The Unity game engine also makes use of Co-Routines by calling the StartCoroutine() method, and StreamThreads basically provides the same functionality, albeit using a slightly different syntax.

• Error handling. Using ResumeOnError, RestartOnError, ExitOnError and setting a custom ErrorHandler
• Scope Isolation. Each function in StreamThreads has is own scope of background coroutines and error handlers that go out of scope when the function exits
• Return values. By adding an output variable in Await(out var returnvar) or Background(out var retval), and using yield return Return("some return value") it is possible to return results from coroutines.
• Generics. StreamThreads provides generic versions for IEnumerable<T>, such as Await<T>() and Background<T>(out T retval).
• Chaining. Because StreamThreads is based on extension methods, it uses IEnumerable chaining. An example could be DoSomething().Until(()=>flag==true).ResumeOnError().Await()

Coroutines can be started in the foreground (normal serial excution) or in the background. Each function can spawn as many background "threads" as it wants, and these will terminate as soon as the function goes out of scope, either by simply exiting or calling yield break.

StreamThreads uses two methods for starting coroutines:

• Await() - in the foreground (serial execution)
• Background() - in the background (parallel execution)

Below is an example of a function that executes a function (PrintDots) in the background(with the extension .Background()), while executing GetReady() synchroneously (.Await()). In the mean time, if at any point an error happens, whether it is inside the background function or not, the HandleFault (.OnError()) will be called.

public IEnumerable<StreamState> StartupState()
{
    yield return HandleFault().OnError();

    yield return PrintDots(".").Until(() => readyforwork).Background();

    yield return GetReady().Await();

    yield return WaitForever;
}

Notice how the PrintDots function loops infinitely, and the yield return. This allows the "game-loop" to return and process some of the other running tasks.

private IEnumerable<StreamState> PrintDots(string v)
{
    while (true)
    {
        Console.Write(v);
        yield return Sleep(new Random().Next(10, 100));
    }
}

StreamThreads is based on Iterators and Extension Methods. As such, yield return is essentially used every time a new function is called - either as a background worker thread, or inline with statements. It is also worth noting that all functions should have a return type of IEnumerable<StreamState>. This allows for it to be interpreted as an iterator by the compiler.
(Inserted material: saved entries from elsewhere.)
(* Let $i\neq j\in I$, let $Z_0$ be an irreducible component of $\Lambda_{\mathbf V'}$ with $t_i^*(Z_0)=0$, let $c\in\mathbb N$, and let $Z=\eta^*_{i,c}(Z_0)$. Then $t_j(Z)=t_j(Z_0)$.
   Context: Symmetric Cartan datum $(I,(-,-))$ with loop-free graph; $H$ the set of oriented edges $h:h'\to h''$, reversal $\bar h$; $\epsilon:H\to\mathbb C^*$ with $\epsilon(h)+\epsilon(\bar h)=0$. For an $I$-graded complex space $\mathbf V$: $\mathbf E_{\mathbf V}=\bigoplus_{h\in H}\mathrm{Hom}(\mathbf V_{h'},\mathbf V_{h''})$, $\mu(x)_i=\sum_{h''=i}\epsilon(h)x_hx_{\bar h}$, $\Lambda_{\mathbf V}$ = nilpotent $x$ with $\mu(x)=0$. Let $\Lambda_{\mathbf V,j,p}=\{x\in\Lambda_{\mathbf V}:\operatorname{codim}_{\mathbf V_j}\operatorname{Im}\bigoplus_{h\in H,h''=j}x_h=p\}$ and $\Lambda^p_{\mathbf V,i}=\{x:\dim\ker\bigoplus_{h\in H,h'=i}x_h=p\}$; for $Z\in\operatorname{Irr}\Lambda_{\mathbf V}$, $t_j(Z)$ (resp. $t_i^*(Z)$) is the $p$ with $Z\cap\Lambda_{\mathbf V,j,p}$ (resp. $Z\cap\Lambda^p_{\mathbf V,i}$) dense in $Z$. For $|\mathbf V|=|\mathbf V'|+|\mathbf V''|$: $\Lambda''=\{(x,\tilde{\mathbf W})\}$ ($x\in\Lambda_{\mathbf V}$, $\tilde{\mathbf W}$ $x$-stable, $|\tilde{\mathbf W}|=|\mathbf V''|$), $\Lambda'$ adds isomorphisms $\rho_1:\mathbf V/\tilde{\mathbf W}\cong\mathbf V'$, $\rho_2:\tilde{\mathbf W}\cong\mathbf V''$, $p(x,\tilde{\mathbf W},\rho_1,\rho_2)=(\rho_1\bar x\rho_1^{-1},\rho_2x|_{\tilde{\mathbf W}}\rho_2^{-1})$, $r$ forgets $\rho$'s, $q(x,\tilde{\mathbf W})=x$. If $|\mathbf V''|=ci$ and $Z'\in\operatorname{Irr}\Lambda_{\mathbf V'}$ with $t_i^*(Z')=0$, $\eta^*_{i,c}(Z')$ is the closure of $qrp^{-1}((Z'\cap\Lambda^0_{\mathbf V',i})\times\Lambda_{\mathbf V''})$, an irreducible component of $\Lambda_{\mathbf V}$ with $t_i^*=c$ ($\eta^*_{i,c}$ is a bijection onto $\{t_i^*=c\}$). *)

From HB Require Import structures.
From mathcomp Require Import all_boot all_order all_algebra.
From mathcomp Require Import reals.
From mathcomp Require Import complex.
Set Implicit Arguments. Unset Strict Implicit. Unset Printing Implicit Defensive.
Import Order.TTheory GRing.Theory Num.Theory.
Local Open Scope ring_scope.
(* Let $D$ be a distribution over $\mathcal{Z}$ and let $f:\mathbb{R}^d\times\mathcal{Z}\to\mathbb{R}$ be such that $f(\cdot;z)$ is convex and $L$-Lipschitz for every $z$. Fix $\eta>0$, $T\in\mathbb{N}$. Then there is a universal constant $C$ such that the GD iterates on the empirical risk and on the population risk satisfy \[ \forall t\in[T]:\quad \mathbb{E}_{S\sim D^n}\big[\|w_t^S-w_t^D\|\big]\le C\Big(\frac{\eta Lt}{\sqrt n}+\eta L\sqrt t\Big). \] (Explicitly, one may take $\mathbb{E}\|w_{t+1}^S-w_{t+1}^D\|\le \frac{4\eta L(t+1)}{\sqrt n}+4\eta L\sqrt{t+1}$.)
   Context: Empirical risk on $S=(z_1,\dots,z_n)$: $F_S(w)=\frac1n\sum_i f(w;z_i)$; population risk $F_D(w)=\mathbb{E}_{z\sim D}f(w;z)$. Fix a (measurable) subgradient selection $g(w;z)\in\partial_w f(w;z)$. GD on the sample: $w_0^S=0$, $w_{t+1}^S=w_t^S-\eta\frac1n\sum_{i=1}^n g(w_t^S;z_i)$. GD on the population: $w_0^D=0$, $w_{t+1}^D=w_t^D-\eta\,\mathbb{E}_{z\sim D}[g(w_t^D;z)]$. *)

From HB Require Import structures.
From mathcomp Require Import all_boot all_order all_algebra.
From mathcomp Require Import all_classical all_reals all_analysis.
Set Implicit Arguments. Unset Strict Implicit. Unset Printing Implicit Defensive.
Import Order.TTheory GRing.Theory Num.Theory.
Local Open Scope classical_set_scope.
Local Open Scope ring_scope.

Section GDDefs.
Variable R : realType.
Variable d : nat.

Definition dotv (u v : 'rV[R]_d) : R := \sum_(j < d) u ord0 j * v ord0 j.
Definition normv (v : 'rV[R]_d) : R := Num.sqrt (dotv v v).

Definition convex_on_Rd (h : 'rV[R]_d -> R) : Prop :=
  forall (x y : 'rV[R]_d) (a : R), 0 <= a <= 1 ->
    h (a *: x + (1 - a) *: y) <= a * h x + (1 - a) * h y.

Definition lipschitz_Rd (L : R) (h : 'rV[R]_d -> R) : Prop :=
  forall x y : 'rV[R]_d, `|h x - h y| <= L * normv (x - y).

Definition is_subgradient (h : 'rV[R]_d -> R) (w v : 'rV[R]_d) : Prop :=
  forall u : 'rV[R]_d, h w + dotv v (u - w) <= h u.

Fixpoint gd (G : 'rV[R]_d -> 'rV[R]_d) (eta : R) (t : nat) : 'rV[R]_d :=
  match t with
  | 0%N => 0
  | t'.+1 => let w := gd G eta t' in w - eta *: G w
  end.

Section WithZ.
Context (dZ : measure_display) (Z : measurableType dZ).

Definition emp_grad (n : nat) (g : 'rV[R]_d -> Z -> 'rV[R]_d) (S : 'I_n -> Z)
  (w : 'rV[R]_d) : 'rV[R]_d :=
  n%:R^-1 *: \sum_(i < n) g w (S i).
The extension methods also allow for easy ways to control what happens to a function when certain conditions arise. This can be used both with background and synchroneous functions.

yield return DoSomething().Until(() => alertflag == true).Background();
yield return DoSomething().While(() => goingwell == true).Await();
yield return DoSomething().RestartOnError().Await();
yield return DoSomething().ResumeOnError().Await();
yield return ManualMode().SwitchOnCondition(() => auto == false);
yield return WaitFor(() => backgroundready == true);

RestartOnError causes the function being called to start over. This can be helpful if we know an error can be fixed by re-initializing some local variables at the top of the function. ResumeOnError simply ignores the error and continues the loop. This could cause some problematic overhead if the error is severe.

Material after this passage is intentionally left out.